Look through the entries below. Report each line that has the word "Notation" in it.

▶ [Stored data]:
>>>
Lemma poly_nat_roots_eq0 (p : {poly F}) :
  (forall N, exists2 L, (N <= L)%N & root p L%:R) -> p = 0.
Proof.
move=> roots; apply/eqP; apply: contraT => p_neq0.
have [rs [size_rs uniq_rs roots_rs]] : exists rs : seq nat,
    [/\ size rs = size p, uniq rs & all (fun i => root p i%:R) rs].
  elim: (size p) => [|k [rs [size_rs uniq_rs roots_rs]]]; first by exists [::].
  have [L max_lt_L rootL] := roots (\max_(i <- rs) i).+1.
  exists (L :: rs); rewrite /= size_rs rootL uniq_rs andbT; split=> //.
  apply: (contraL _ max_lt_L) => L_rs; rewrite -leqNgt.
  exact: (@leq_bigmax_seq _ rs xpredT id L L_rs isT).
have := max_poly_roots p_neq0 (rs := map (fun i : nat => i%:R) rs).
rewrite all_map (map_inj_uniq natr_inj) size_map size_rs ltnn.
by apply; [apply: sub_all roots_rs | ].
Qed.

Lemma mpoly_nat_eval_eq0 n (p : {mpoly F[n]}) :
  (forall v : 'I_n -> nat, p.@[fun i => (v i)%:R] = 0) -> p = 0.
Proof.
elim: n p => [|n IH] p p_nat0.
  have := p_nat0 (fun _ => 0%N); rewrite (nvar0_mpolyC_eq p) // mevalC => ->.
  exact: mpolyC0.
apply: muni_inj; rewrite muni0; apply/polyP => k; rewrite coef0; apply: IH => v.
suff : map_poly (meval (fun i => (v i)%:R)) (muni p) = 0.
  by move/(congr1 (coefp k)); rewrite /= coef_map coef0.
apply: poly_nat_roots_eq0 => N; exists N => //.
have := p_nat0 (fun i => if unlift ord_max i is Some j then v j else N).
rewrite meval_muni unlift_none /root => <-; apply/eqP; congr (_.[_]).
by apply: eq_map_poly => r; apply: meval_eq => i /=; rewrite liftK.
Qed.

Lemma polyfun_nat_roots_eq0 (g : nat -> F) : polyfun g ->
  (forall N, exists2 L, (N <= L)%N & g L = 0) -> forall L, g L = 0.
Proof.
move=> [P hP] roots L; rewrite hP (poly_nat_roots_eq0 (p := P)) ?horner0 //.
by move=> N; have [L' leNL' gL'0] := roots N; exists L'; rewrite // /root -hP gL'0.
Qed.

End NatRoots.

Section Families.
Variable F : numFieldType.
Local Notation R := {poly F}.
Local Notation family := (forall n, {mpoly R[n]}).
Implicit Types (h : family) (s : seq F).

Lemma natr_poly_inj : injective (fun i : nat => i%:R : R).
Proof.
by move=> i j /= e; apply/eqP; rewrite -(eqr_nat F) -(inj_eq (@polyC_inj _)) !polyC_natr e.
Qed.

Lemma poly_nat_evalP (p q : {poly R}) : (forall z : nat, p.[z%:R] = q.[z%:R]) -> p = q.
Proof.
move=> epq; apply/eqP; rewrite -subr_eq0; apply/eqP.
apply: (poly_nat_roots_eq0 natr_poly_inj) => N; exists N => //.
by rewrite /root hornerD hornerN epq subrr.
Qed.

Definition eval_seq h s : R := (h (size s)).@[fun i => (nth 0 s i)%:P].

(* For [s] the contents of [la], setting [t := size s] is the paper's [h(c(la))]. *)
Definition eval_seq_tn h s : F := (eval_seq h s).[(size s)%:R].

Lemma eval_seqE h s n (e : size s = n) :
  eval_seq h s = (h n).@[fun i : 'I_n => (nth 0 s i)%:P].
Proof. by case: n / e. Qed.

(* What the proof uses of an element of [Lambda[t]], read off its evaluations. *)
Definition lambda_family h D :=
  [/\ forall s s', perm_eq s s' -> eval_seq h s = eval_seq h s',
      forall s, eval_seq h (rcons s 0) = eval_seq h s
    & forall n, (msize (h n) <= D)%N].

Lemma lambda_family_mono h D1 D2 : (D1 <= D2)%N -> lambda_family h D1 -> lambda_family h D2.
Proof. by move=> le12 [h_perm h_rcons0 h_size]; split=> // n; apply: leq_trans le12. Qed.

Lemma eval_seq_tn_perm h D s s' : lambda_family h D -> perm_eq s s' ->
  eval_seq_tn h s = eval_seq_tn h s'.
Proof. by move=> [h_perm _ _] ss'; rewrite /eval_seq_tn (h_perm _ _ ss') (perm_size ss'). Qed.

Lemma eval_seqB h1 h2 s :
  eval_seq (fun n => h1 n - h2 n) s = eval_seq h1 s - eval_seq h2 s.
Proof. exact: mevalB. Qed.

Lemma eval_seq_tnB h1 h2 s :
  eval_seq_tn (fun n => h1 n - h2 n) s = eval_seq_tn h1 s - eval_seq_tn h2 s.
Proof. by rewrite /eval_seq_tn eval_seqB hornerD hornerN. Qed.

Lemma lambda_familyB h1 h2 D1 D2 : lambda_family h1 D1 -> lambda_family h2 D2 ->
  lambda_family (fun n => h1 n - h2 n) (maxn D1 D2).
Proof.
move=> [perm1 rcons1 size1] [perm2 rcons2 size2]; split.
- by move=> s s' ss'; rewrite !eval_seqB (perm1 _ _ ss') (perm2 _ _ ss').
- by move=> s; rewrite !eval_seqB rcons1 rcons2.
- move=> n; apply: leq_trans (msizeD_le _ _) _; rewrite msizeN geq_max.
  by rewrite (leq_trans (size1 n) (leq_maxl _ _)) (leq_trans (size2 n) (leq_maxr _ _)).
Qed.

Lemma eval_seq_cat_nseq0 h D s k :
  lambda_family h D -> eval_seq h (s ++ nseq k 0) = eval_seq h s.
Proof.
move=> [h_perm h_rcons0 _]; elim: k => [|k IH]; first by rewrite cats0.
rewrite -[RHS]IH -[RHS]h_rcons0; apply: h_perm.
by rewrite -cats1 -catA perm_cat2l /= -cat1s perm_catC.
Qed.

Definition coef_last h k : family := fun n => (muni (h n.+1))`_k.

Definition poly_last h s : {poly R} :=
  map_poly (meval (fun i : 'I_(size s) => (nth 0 s i)%:P)) (muni (h (size s).+1)).

Lemma poly_lastE h s z : (poly_last h s).[z%:P] = eval_seq h (rcons s z).
Proof.
rewrite (eval_seqE h (size_rcons s z)) (meval_muni (h (size s).+1)) /= nth_rcons ltnn eqxx.
congr (_.[_]); apply: eq_map_poly => r; apply: meval_eq => i /=.
by rewrite /bump leqNgt ltn_ord nth_rcons ltn_ord.
Qed.

Lemma coef_poly_last h s k : (poly_last h s)`_k = eval_seq (coef_last h k) s.
Proof. by rewrite coef_map. Qed.

Lemma eq_poly_last h s s' :
  (forall z, eval_seq h (rcons s z) = eval_seq h (rcons s' z)) -> poly_last h s = poly_last h s'.
Proof. by move=> e; apply: poly_nat_evalP => z; rewrite -polyC_natr !poly_lastE. Qed.

Lemma lambda_family_coef_last h D k :
  lambda_family h D -> lambda_family (coef_last h k) (D - k).
Proof.
move=> [h_perm h_rcons0 h_size]; split.
- move=> s s' ss'; rewrite -!coef_poly_last (@eq_poly_last _ _ s') // => z.
  by apply: h_perm; rewrite -!cats1 perm_cat2r.
- move=> s; rewrite -!coef_poly_last (@eq_poly_last _ _ s) // => z.
  rewrite -[RHS]h_rcons0; apply: h_perm; rewrite -!cats1 -!catA perm_cat2l.
  by rewrite perm_catC.
- by move=> n; apply: leq_trans (msize_muni_coef _ _) (leq_sub2r _ _).
Qed.

Lemma eval_seq_coef_last0 h D s :
  lambda_family h D -> eval_seq (coef_last h 0) s = eval_seq h s.
Proof. by move=> [_ h_rcons0 _]; rewrite -coef_poly_last -horner_coef0 -polyC0 poly_lastE. Qed.

Lemma eval_seq_rcons h D s z : lambda_family h D ->
  eval_seq h (rcons s z) = \sum_(k < D) eval_seq (coef_last h k) s * z%:P ^+ k.
Proof.
move=> hD; rewrite -poly_lastE (horner_coef_wide _ (n := D)).
  by apply: eq_bigr => k _; rewrite coef_poly_last.
apply/leq_sizeP => k leDk; rewrite coef_poly_last /eval_seq.
have [_ _ size_coef] := lambda_family_coef_last k hD.
have /eqP -> : coef_last h k (size s) == 0.
  by rewrite -msize_poly_eq0 -leqn0 (leq_trans (size_coef _)) // leqn0 subn_eq0.
exact: meval0.
Qed.

Definition aprog (a c : F) L : seq F := [seq a + c * i%:R | i <- iota 0 L].

Lemma aprogS a c L : aprog a c L.+1 = rcons (aprog a c L) (a + c * L%:R).
Proof. by rewrite /aprog -addn1 iotaD map_cat cats1. Qed.

Lemma size_aprog a c L : size (aprog a c L) = L.
Proof. by rewrite size_map size_iota. Qed.

Lemma perm_aprog_rev a L : perm_eq (aprog a 1 L) (aprog (a + L%:R - 1) (-1) L).
Proof.
elim: L a => [|L IH] a //; rewrite aprogS mul1r.
have -> : aprog (a + L.+1%:R - 1) (-1) L.+1 = (a + L%:R) :: aprog (a + L%:R - 1) (-1) L.
  rewrite /aprog /= mulr0 addr0 -[iota 1 L]/(iota (1 + 0) L) iotaDl -map_comp /=.
  congr (_ :: _); first by rewrite -natr1; ring.
  by apply: eq_map => i /=; rewrite -natr1 natrD; ring.
by rewrite perm_rcons perm_cons.
Qed.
<<<
▶ [Answer to this task]:
Local Notation R := {poly F}.
Local Notation family := (forall n, {mpoly R[n]}).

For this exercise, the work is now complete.